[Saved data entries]
# # # # # # #
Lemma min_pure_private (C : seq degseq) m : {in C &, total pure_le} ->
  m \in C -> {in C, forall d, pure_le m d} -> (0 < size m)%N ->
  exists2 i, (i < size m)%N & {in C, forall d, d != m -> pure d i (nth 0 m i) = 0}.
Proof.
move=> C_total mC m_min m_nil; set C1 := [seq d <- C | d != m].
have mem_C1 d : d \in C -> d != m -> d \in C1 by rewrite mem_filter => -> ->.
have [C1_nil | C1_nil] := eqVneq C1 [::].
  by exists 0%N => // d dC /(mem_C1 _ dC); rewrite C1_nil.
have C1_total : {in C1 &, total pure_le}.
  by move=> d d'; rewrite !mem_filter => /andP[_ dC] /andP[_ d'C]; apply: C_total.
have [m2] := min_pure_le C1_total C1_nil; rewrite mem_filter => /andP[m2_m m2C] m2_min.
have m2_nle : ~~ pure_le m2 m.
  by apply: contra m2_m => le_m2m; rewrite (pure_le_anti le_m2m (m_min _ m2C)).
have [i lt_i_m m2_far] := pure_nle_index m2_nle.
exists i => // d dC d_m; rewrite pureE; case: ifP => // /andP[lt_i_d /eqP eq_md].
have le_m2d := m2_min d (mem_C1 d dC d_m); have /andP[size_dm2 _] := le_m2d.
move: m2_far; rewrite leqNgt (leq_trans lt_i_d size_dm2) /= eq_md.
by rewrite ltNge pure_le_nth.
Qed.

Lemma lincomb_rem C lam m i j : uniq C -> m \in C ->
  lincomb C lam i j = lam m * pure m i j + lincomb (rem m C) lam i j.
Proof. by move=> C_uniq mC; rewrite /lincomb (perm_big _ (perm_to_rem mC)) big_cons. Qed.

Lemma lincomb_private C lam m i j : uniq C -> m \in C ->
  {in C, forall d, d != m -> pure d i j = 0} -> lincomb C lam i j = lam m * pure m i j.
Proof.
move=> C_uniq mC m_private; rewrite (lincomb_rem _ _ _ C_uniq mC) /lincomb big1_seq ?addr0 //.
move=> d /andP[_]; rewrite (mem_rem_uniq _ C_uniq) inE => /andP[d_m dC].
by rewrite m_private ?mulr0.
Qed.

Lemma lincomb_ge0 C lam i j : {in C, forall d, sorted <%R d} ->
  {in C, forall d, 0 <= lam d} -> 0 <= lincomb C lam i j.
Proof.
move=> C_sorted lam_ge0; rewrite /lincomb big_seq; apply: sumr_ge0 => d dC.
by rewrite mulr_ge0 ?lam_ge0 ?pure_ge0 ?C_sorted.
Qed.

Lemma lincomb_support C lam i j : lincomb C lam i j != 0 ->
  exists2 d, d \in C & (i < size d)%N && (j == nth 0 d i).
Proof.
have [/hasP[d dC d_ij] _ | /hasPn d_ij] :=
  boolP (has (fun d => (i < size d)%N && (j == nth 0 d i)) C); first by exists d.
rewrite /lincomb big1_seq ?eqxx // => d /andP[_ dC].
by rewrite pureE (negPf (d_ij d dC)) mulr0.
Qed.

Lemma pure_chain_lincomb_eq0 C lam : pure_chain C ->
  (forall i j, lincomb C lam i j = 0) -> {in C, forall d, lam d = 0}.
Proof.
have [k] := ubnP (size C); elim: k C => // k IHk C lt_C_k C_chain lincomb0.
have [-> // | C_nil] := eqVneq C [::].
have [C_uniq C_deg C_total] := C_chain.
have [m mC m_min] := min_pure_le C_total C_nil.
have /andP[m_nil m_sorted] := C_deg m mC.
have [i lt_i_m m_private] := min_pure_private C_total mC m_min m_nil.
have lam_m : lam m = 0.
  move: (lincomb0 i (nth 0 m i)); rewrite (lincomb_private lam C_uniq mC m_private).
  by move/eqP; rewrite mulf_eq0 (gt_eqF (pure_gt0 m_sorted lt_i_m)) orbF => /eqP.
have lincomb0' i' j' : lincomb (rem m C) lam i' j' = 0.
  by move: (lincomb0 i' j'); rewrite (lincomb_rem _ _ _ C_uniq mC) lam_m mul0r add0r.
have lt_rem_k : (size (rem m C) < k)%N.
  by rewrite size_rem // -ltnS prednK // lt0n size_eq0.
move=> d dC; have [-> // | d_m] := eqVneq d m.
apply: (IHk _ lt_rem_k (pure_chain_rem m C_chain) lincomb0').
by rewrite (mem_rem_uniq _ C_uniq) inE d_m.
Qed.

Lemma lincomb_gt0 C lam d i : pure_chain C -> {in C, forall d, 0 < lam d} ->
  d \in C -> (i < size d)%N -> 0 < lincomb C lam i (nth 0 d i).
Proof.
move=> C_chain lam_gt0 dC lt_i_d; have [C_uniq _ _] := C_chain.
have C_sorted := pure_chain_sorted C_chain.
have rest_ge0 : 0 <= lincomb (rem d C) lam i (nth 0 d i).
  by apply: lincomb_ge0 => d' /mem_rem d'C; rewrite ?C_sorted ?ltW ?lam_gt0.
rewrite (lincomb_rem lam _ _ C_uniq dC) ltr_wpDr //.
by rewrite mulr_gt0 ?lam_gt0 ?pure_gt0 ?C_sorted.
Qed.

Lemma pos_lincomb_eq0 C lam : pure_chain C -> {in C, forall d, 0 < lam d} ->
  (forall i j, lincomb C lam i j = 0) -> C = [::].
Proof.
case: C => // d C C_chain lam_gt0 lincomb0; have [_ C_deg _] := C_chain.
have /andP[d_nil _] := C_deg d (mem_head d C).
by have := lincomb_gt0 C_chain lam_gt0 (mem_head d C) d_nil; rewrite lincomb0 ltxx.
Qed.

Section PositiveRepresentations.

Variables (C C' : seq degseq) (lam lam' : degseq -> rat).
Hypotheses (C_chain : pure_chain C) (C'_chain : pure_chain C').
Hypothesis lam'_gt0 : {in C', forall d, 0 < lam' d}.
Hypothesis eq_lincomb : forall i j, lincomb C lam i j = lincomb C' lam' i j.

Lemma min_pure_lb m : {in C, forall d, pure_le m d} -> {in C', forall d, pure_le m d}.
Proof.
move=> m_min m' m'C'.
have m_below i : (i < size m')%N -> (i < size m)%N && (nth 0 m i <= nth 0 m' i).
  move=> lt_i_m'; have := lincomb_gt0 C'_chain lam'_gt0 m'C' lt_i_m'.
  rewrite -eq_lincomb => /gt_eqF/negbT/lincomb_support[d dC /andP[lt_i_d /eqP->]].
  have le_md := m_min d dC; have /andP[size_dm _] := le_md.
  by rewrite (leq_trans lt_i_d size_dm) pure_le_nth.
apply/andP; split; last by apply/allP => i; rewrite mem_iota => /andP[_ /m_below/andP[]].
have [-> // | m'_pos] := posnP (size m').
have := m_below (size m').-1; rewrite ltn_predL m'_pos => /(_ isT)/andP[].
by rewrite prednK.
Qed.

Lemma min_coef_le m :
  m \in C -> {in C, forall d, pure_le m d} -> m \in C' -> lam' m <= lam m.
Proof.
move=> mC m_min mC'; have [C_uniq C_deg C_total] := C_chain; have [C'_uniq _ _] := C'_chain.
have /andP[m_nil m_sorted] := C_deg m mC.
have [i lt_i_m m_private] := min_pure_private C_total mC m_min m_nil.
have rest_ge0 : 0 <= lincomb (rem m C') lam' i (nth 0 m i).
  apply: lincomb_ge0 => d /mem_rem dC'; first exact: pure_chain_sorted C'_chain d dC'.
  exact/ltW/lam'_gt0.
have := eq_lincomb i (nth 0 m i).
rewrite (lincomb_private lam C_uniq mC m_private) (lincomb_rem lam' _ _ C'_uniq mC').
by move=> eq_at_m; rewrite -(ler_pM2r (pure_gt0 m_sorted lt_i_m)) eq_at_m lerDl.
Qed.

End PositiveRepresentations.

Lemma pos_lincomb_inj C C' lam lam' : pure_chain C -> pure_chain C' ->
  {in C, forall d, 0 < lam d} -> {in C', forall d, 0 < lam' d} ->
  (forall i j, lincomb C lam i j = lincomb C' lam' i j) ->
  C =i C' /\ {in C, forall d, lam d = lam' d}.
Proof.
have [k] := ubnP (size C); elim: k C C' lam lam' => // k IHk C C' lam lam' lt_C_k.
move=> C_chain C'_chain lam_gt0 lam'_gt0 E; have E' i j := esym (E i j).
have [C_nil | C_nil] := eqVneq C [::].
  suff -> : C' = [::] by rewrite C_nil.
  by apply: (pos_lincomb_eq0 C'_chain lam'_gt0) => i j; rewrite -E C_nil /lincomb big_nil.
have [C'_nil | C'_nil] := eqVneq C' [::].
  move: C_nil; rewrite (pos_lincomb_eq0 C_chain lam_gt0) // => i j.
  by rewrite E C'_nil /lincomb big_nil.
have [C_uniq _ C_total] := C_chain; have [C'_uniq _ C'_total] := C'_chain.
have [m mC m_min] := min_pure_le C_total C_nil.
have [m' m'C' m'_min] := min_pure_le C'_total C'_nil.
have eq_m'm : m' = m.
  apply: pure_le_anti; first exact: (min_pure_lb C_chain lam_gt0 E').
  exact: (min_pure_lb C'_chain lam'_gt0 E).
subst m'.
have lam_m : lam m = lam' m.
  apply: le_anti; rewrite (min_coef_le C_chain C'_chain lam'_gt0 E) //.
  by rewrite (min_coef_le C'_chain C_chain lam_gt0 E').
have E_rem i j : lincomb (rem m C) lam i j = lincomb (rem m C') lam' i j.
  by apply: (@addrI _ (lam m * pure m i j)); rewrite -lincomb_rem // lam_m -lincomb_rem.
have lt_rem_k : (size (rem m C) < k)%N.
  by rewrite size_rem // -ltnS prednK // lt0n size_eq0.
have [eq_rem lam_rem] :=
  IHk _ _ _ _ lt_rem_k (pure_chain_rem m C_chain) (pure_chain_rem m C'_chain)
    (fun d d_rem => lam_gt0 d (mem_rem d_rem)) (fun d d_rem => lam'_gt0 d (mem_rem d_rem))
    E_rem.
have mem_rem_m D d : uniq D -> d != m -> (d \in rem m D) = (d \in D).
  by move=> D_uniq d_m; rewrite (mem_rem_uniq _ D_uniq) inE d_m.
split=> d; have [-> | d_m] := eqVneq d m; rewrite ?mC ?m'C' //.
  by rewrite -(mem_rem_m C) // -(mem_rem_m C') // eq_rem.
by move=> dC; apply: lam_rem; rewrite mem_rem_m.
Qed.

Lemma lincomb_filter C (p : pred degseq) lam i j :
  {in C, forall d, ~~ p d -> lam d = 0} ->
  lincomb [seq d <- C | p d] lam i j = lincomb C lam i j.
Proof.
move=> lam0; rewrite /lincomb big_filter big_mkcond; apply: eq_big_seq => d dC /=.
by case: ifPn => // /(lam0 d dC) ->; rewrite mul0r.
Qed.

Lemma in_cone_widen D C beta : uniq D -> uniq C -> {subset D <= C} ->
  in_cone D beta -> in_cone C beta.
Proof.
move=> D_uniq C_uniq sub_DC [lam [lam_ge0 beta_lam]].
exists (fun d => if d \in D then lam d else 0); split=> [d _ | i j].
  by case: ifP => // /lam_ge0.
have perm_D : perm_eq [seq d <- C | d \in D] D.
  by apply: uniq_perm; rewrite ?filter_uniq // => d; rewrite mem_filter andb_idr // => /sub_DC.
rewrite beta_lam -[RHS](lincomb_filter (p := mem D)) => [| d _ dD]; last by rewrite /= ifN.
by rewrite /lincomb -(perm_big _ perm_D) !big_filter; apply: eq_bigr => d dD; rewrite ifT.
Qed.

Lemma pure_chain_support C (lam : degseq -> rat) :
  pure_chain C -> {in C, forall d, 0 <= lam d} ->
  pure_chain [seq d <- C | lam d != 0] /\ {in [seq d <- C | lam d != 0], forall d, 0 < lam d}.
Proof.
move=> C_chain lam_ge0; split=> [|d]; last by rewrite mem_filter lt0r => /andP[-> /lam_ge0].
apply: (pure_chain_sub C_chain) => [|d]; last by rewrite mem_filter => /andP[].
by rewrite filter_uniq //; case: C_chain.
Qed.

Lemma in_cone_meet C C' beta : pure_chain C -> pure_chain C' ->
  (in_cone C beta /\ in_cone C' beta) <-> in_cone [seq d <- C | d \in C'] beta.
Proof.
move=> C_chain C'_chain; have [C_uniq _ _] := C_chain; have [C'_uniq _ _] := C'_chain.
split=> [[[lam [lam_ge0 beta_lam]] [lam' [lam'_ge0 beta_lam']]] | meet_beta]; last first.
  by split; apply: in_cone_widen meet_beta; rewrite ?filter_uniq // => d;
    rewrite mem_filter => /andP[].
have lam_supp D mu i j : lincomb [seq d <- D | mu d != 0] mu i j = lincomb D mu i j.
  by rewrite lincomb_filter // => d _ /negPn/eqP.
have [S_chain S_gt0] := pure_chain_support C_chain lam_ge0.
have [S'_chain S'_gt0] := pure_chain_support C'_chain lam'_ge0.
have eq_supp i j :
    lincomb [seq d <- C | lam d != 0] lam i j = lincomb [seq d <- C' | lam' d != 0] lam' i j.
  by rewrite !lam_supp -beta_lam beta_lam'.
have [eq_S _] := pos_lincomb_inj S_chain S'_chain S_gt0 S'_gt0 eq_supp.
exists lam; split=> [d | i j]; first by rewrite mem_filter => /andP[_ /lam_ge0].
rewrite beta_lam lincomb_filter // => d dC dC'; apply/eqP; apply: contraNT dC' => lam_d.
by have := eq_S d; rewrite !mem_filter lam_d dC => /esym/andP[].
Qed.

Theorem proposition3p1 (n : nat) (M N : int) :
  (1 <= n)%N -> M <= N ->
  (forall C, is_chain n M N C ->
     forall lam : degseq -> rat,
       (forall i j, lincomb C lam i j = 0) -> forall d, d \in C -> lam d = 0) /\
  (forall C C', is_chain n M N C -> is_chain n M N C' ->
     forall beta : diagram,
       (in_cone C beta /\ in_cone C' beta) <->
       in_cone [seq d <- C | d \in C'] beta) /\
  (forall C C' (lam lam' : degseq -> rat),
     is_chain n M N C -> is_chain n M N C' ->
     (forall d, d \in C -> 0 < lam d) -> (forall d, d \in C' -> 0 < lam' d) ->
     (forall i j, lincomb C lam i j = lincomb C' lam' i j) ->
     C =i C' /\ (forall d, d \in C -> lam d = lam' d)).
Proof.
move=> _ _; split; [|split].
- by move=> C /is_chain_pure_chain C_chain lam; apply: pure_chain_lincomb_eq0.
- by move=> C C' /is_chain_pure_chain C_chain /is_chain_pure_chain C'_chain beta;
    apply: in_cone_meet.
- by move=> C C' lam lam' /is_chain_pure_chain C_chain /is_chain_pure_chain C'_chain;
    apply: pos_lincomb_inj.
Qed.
# # # # # # #
> **Task requirements**
Within the data above, filter for lines containing the word "elim" and copy each one.

> **Result**
have [k] := ubnP (size C); elim: k C => // k IHk C lt_C_k C_chain lincomb0.
have [k] := ubnP (size C); elim: k C C' lam lam' => // k IHk C C' lam lam' lt_C_k.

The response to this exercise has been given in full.